*Exercise goal:* Select, from the data, each line where "simpl" occurs.

Records excerpted from a collection:
___

(* The redex [S<v>[y\S'<v'>]] contracts to [S'<S<v>>], again a value under a
   substitution context. *)
Lemma root_gcv_ES_plug_S_value s v u w : is_S s -> is_value v ->
  root_gcv (ES (plug s v) u) w ->
  exists s2 v2, is_S s2 /\ is_value v2 /\ w = plug s2 v2 /\
    forall p, root_gcv (ES (plug s (shift (S (depth s)) 0 p)) u)
                       (plug s2 (shift (depth s2) 0 p)).
Proof.
  intros Hs Hv (q & s' & v' & Hs' & Hv' & E & ->).
  injection E; intros -> E1.
  destruct (shift_eq_plug_S s q v 1 0) as (s0 & v0 & Hs0 & Hv0 & -> & -> & ->); auto.
  exists (ccomp s' (shiftc (depth s') 0 s0)), (shift (depth s') (depth s0) v0).
  repeat split.
  - apply is_S_ccomp, is_S_shiftc; auto.
  - apply is_value_shift; auto.
  - rewrite plug_ccomp, shift_plug; reflexivity.
  - intros p; exists (plug s0 (shift (depth s0) 0 p)), s', v'.
    repeat split; auto.
    + rewrite shift_plug, depth_shiftc, shift_shift by lia; reflexivity.
    + rewrite plug_ccomp, shift_plug, depth_ccomp, depth_shiftc, shift_shift by lia.
      reflexivity.
Qed.

Lemma step_gcv_plug_S_value k s v w : k <> cN -> is_S s -> is_value v ->
  step root_gcv k (plug s v) w ->
  exists s2 v2, is_S s2 /\ is_value v2 /\ w = plug s2 v2 /\
    forall p, is_answer p ->
      step root_gcv k (plug s (shift (depth s) 0 p)) (plug s2 (shift (depth s2) 0 p)).
Proof.
  intros Hk Hs; revert w; induction Hs as [| s u Hs IH]; intros w Hv H; simpl in H.
  - destruct Hv as [b ->]; inversion H; subst.
    destruct H0 as (t0 & s & v & _ & _ & E & _); discriminate.
  - inversion H as [k' r w' Hr | k' t t' u' Ht | k' a t t' _ Ha Ht |]; subst.
    + destruct (root_gcv_ES_plug_S_value s v u w Hs Hv Hr)
        as (s2 & v2 & Hs2 & Hv2 & -> & Hp).
      exists s2, v2; repeat split; auto.
      intros p _; apply step_root, Hp.
    + destruct (IH t' Hv Ht) as (s2 & v2 & Hs2 & Hv2 & -> & Hp).
      exists (CESL s2 u), v2; repeat split; auto; [constructor; auto |].
      intros p Hpa; simpl; apply step_esl.
      specialize (Hp (shift 1 0 p) (proj2 (is_answer_shift p 1 0) Hpa)).
      rewrite !shift_shift, !Nat.add_1_r in Hp by lia; exact Hp.
    + exists (CESL s t'), v; repeat split; auto; [constructor; auto |].
      intros p Hpa; simpl; apply step_esr; auto.
      eapply is_answer_plug_S; eauto; apply is_answer_shift; auto.
Qed.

___

*Answer box:*
  intros Hk Hs; revert w; induction Hs as [| s u Hs IH]; intros w Hv H; simpl in H.
      intros p Hpa; simpl; apply step_esl.
      intros p Hpa; simpl; apply step_esr; auto.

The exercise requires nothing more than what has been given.